WHAT TO DO - Lines from the line with "apply: sym_mx_quadratic_eq0 => [|u]." to the line with "have MtM : M^T *m M = d^-1 *: 1%:M." in the entries below, and only those, must be output exactly, with both ends included.

----

Lemma phi_preserving_orthogonal M : M \in unitmx -> phi_preserving M -> M^T *m M = 1%:M.
Proof.
move=> M_unit M_pres; set d := `|\det M|.
have d_gt0 : 0 < d by rewrite normr_gt0 -unitfE -unitmxE.
have d2 : d ^+ 2 = \det M ^+ 2 by rewrite real_normK ?num_real.
have conformal : d *: (M^T *m M) - 1%:M = 0.
  apply: sym_mx_quadratic_eq0 => [|u].
    by rewrite linearB /= linearZ /= trmx_mul trmxK trmx1.
  have entryE (A B : 'M[R]_1) : (d *: A - B) 0 0 = d * A 0 0 - B 0 0 by rewrite !mxE.
  rewrite mulmxBr mulmxBl mulmx1 -scalemxAr -scalemxAl entryE.
  by rewrite -/(norm2 u) (phi_preserving_norm2 M_unit M_pres u) /norm2 trmx_mul !mulmxA subrr.
have MtM : M^T *m M = d^-1 *: 1%:M.
  by move/eqP: conformal; rewrite subr_eq0 => /eqP <-; rewrite scalerA mulVf ?gt_eqF // scale1r.
suff d1 : d = 1 by rewrite MtM d1 invr1 scale1r.
have := congr1 determinant MtM; rewrite det_mulmx det_tr detZ det1 mulr1 -expr2 -d2.
move=> /(congr1 (fun x => x * d ^+ 7)); rewrite -exprMn mulVf ?gt_eqF // expr1n -exprD.
by move/eqP; rewrite pexpr_eq1 ?ltW // => /eqP.
Qed.

Lemma adapted_metric_unique (phi : form3 R) (P Q : 'M[R]_7) :
  adapted phi P -> adapted phi Q -> metric_mx Q = metric_mx P.
Proof.
move=> [P_unit phiPE] [Q_unit phiQE]; set M := Q *m invmx P.
have M_unit : M \in unitmx by rewrite unitmx_mul Q_unit unitmx_inv.
have M_pres : phi_preserving M.
  by move=> U V X; rewrite /M -!mulmxA -phiQE phiPE !(mulKVmx P_unit).
have -> : Q = M *m P by rewrite /M mulmxKV.
rewrite /metric_mx trmx_mul -mulmxA (mulmxA M^T).
by rewrite (phi_preserving_orthogonal M_unit M_pres) mul1mx.
Qed.

End PreservingMatricesAreOrthogonal.

Section TwistParameters.
Variable R : realType.
Implicit Types (n al be ga : R).

Lemma powR_inv3K (a : R) : 0 <= a -> (a `^ 3^-1) ^+ 3 = a.
Proof.
move=> a_ge0; rewrite -powR_mulrn ?powR_ge0 // -powRrM mulVf ?pnatr_eq0 //.
by rewrite powRr1.
Qed.

(* The ratio [k = ga / al] of a solution is a root of this cubic. *)
Lemma twist_ratio_exists n : 0 <= n ->
  exists2 k, 1 - 3 * k - 3 * n * k ^+ 2 + n * k ^+ 3 = 0 & 0 < 1 - 3 * k ^+ 2 * n.
Proof.
move=> n_ge0; pose s := Num.sqrt (3 * n + 9).
have s2 : s ^+ 2 = 3 * n + 9 by rewrite sqr_sqrtr // addr_ge0 ?mulr_ge0.
have s_ge3 : 3 <= s.
  by rewrite -(@ler_pXn2r _ 2) ?nnegrE ?sqrtr_ge0 // s2 expr2; lra.
have s_gt0 : 0 < s by apply: lt_le_trans s_ge3.
pose f : {poly R} := (3 * n)%:P * 'X^2 + 3%:P * 'X - n%:P * 'X^3 - 1.
have fE k : f.[k] = 3 * k + 3 * n * k ^+ 2 - n * k ^+ 3 - 1 by rewrite /f !hornerE; ring.
have f_inv_s : 0 <= f.[s^-1].
  have -> : f.[s^-1] = ((8 * s - 3) * (s - 3)) / (3 * s ^+ 3).
    have nE : n = (s ^+ 2 - 9) / 3 by rewrite s2; field.
    by rewrite fE nE; field; rewrite ?pnatr_eq0 ?expf_neq0 // gt_eqF.
  apply: divr_ge0; first by apply: mulr_ge0; lra.
  by apply: mulr_ge0; [lra | apply: exprn_ge0; lra].
have inv_s_ge0 : 0 <= s^-1 by rewrite invr_ge0 ltW.
have f_sign : f.[0] <= 0 <= f.[s^-1] by rewrite f_inv_s fE; apply/andP; split=> //; lra.
have [k /andP [k_ge0 k_le] /rootP] := poly_ivt inv_s_ge0 f_sign; rewrite fE => fk.
exists k; first by lra.
have ks_le1 : k * s <= 1 by rewrite -(mulVf (lt0r_neq0 s_gt0)) ler_wpM2r // ltW.
have [->|k_neq0] := eqVneq k 0; first by nra.
have k_gt0 : 0 < k by rewrite lt_neqAle eq_sym k_neq0 k_ge0.
have ks_ge0 : 0 <= k * s by rewrite mulr_ge0 // ltW.
have : k ^+ 2 * s ^+ 2 <= 1 by nra.
by rewrite s2; nra.
Qed.

Lemma twist_params_exist n : 0 <= n -> exists al be ga, twist_params al be ga n.
Proof.
move=> n_ge0; have [k fk pos] := twist_ratio_exists n_ge0.
pose al := (1 - 3 * k ^+ 2 * n)^-1 `^ 3^-1.
have al3 : al ^+ 3 = (1 - 3 * k ^+ 2 * n)^-1 by rewrite powR_inv3K // invr_ge0 ltW.
have al3K : al ^+ 3 * (1 - 3 * k ^+ 2 * n) = 1 by rewrite al3 mulVf // lt0r_neq0.
have al2_gt0 : 0 < al ^+ 2.
  rewrite lt_neqAle sqr_ge0 andbT eq_sym sqrf_eq0; apply/eqP => al0.
  by move: al3K; rewrite al0 expr0n /= mul0r => /eqP; rewrite eq_sym oner_eq0.
have p_gt0 : 0 < al ^+ 2 + (k * al) ^+ 2 * n.
  by have := mulr_ge0 (sqr_ge0 (k * al)) n_ge0; lra.
exists al, (- 4 * al * (k * al) ^+ 2 / (al ^+ 2 + (k * al) ^+ 2 * n)), (k * al); split.
- by rewrite -[RHS]al3K; ring.
- have -> : 3 * al ^+ 2 * (k * al) - (k * al) ^+ 3 * n =
      al ^+ 3 * (1 - 3 * k ^+ 2 * n) - al ^+ 3 * (1 - 3 * k - 3 * n * k ^+ 2 + n * k ^+ 3).
    by ring.
  by rewrite fk mulr0 subr0.
- by field; rewrite lt0r_neq0.
Qed.

Section Consequences.
Variables (al be ga n : R).
Hypotheses (n_ge0 : 0 <= n) (params : twist_params al be ga n).
Local Notation p := (al ^+ 2 + ga ^+ 2 * n).
Local Notation q := (2 * al * be + be ^+ 2 * n - ga ^+ 2).

Lemma twist_scalar_gt0 : 0 < p.
Proof.
have [c1 _ _] := params.
have al2_gt0 : 0 < al ^+ 2.
  rewrite lt_neqAle sqr_ge0 andbT eq_sym sqrf_eq0; apply/eqP => al0.
  by move: c1; rewrite al0 expr0n /= !(mulr0, mul0r) subr0 => /eqP; rewrite eq_sym oner_eq0.
by have := mulr_ge0 (sqr_ge0 ga) n_ge0; lra.
Qed.

Lemma twist_scalar_cube : p ^+ 3 = 1 + n.
Proof.
have [c1 c2 _] := params.
transitivity ((al ^+ 3 - 3 * al * ga ^+ 2 * n) ^+ 2 + n * (3 * al ^+ 2 * ga - ga ^+ 3 * n) ^+ 2).
  by ring.
by rewrite c1 c2; ring.
Qed.

Lemma twist_scalarE : p = (1 + n) `^ 3^-1.
Proof.
have p_gt0 := twist_scalar_gt0.
apply/eqP; rewrite -(@eqrXn2 _ 3) // ?powR_ge0 ?ltW // twist_scalar_cube powR_inv3K //.
by rewrite addr_ge0.
Qed.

----

ANSWER TO THIS PROBLEM -
  apply: sym_mx_quadratic_eq0 => [|u].
    by rewrite linearB /= linearZ /= trmx_mul trmxK trmx1.
  have entryE (A B : 'M[R]_1) : (d *: A - B) 0 0 = d * A 0 0 - B 0 0 by rewrite !mxE.
  rewrite mulmxBr mulmxBl mulmx1 -scalemxAr -scalemxAl entryE.
  by rewrite -/(norm2 u) (phi_preserving_norm2 M_unit M_pres u) /norm2 trmx_mul !mulmxA subrr.
have MtM : M^T *m M = d^-1 *: 1%:M.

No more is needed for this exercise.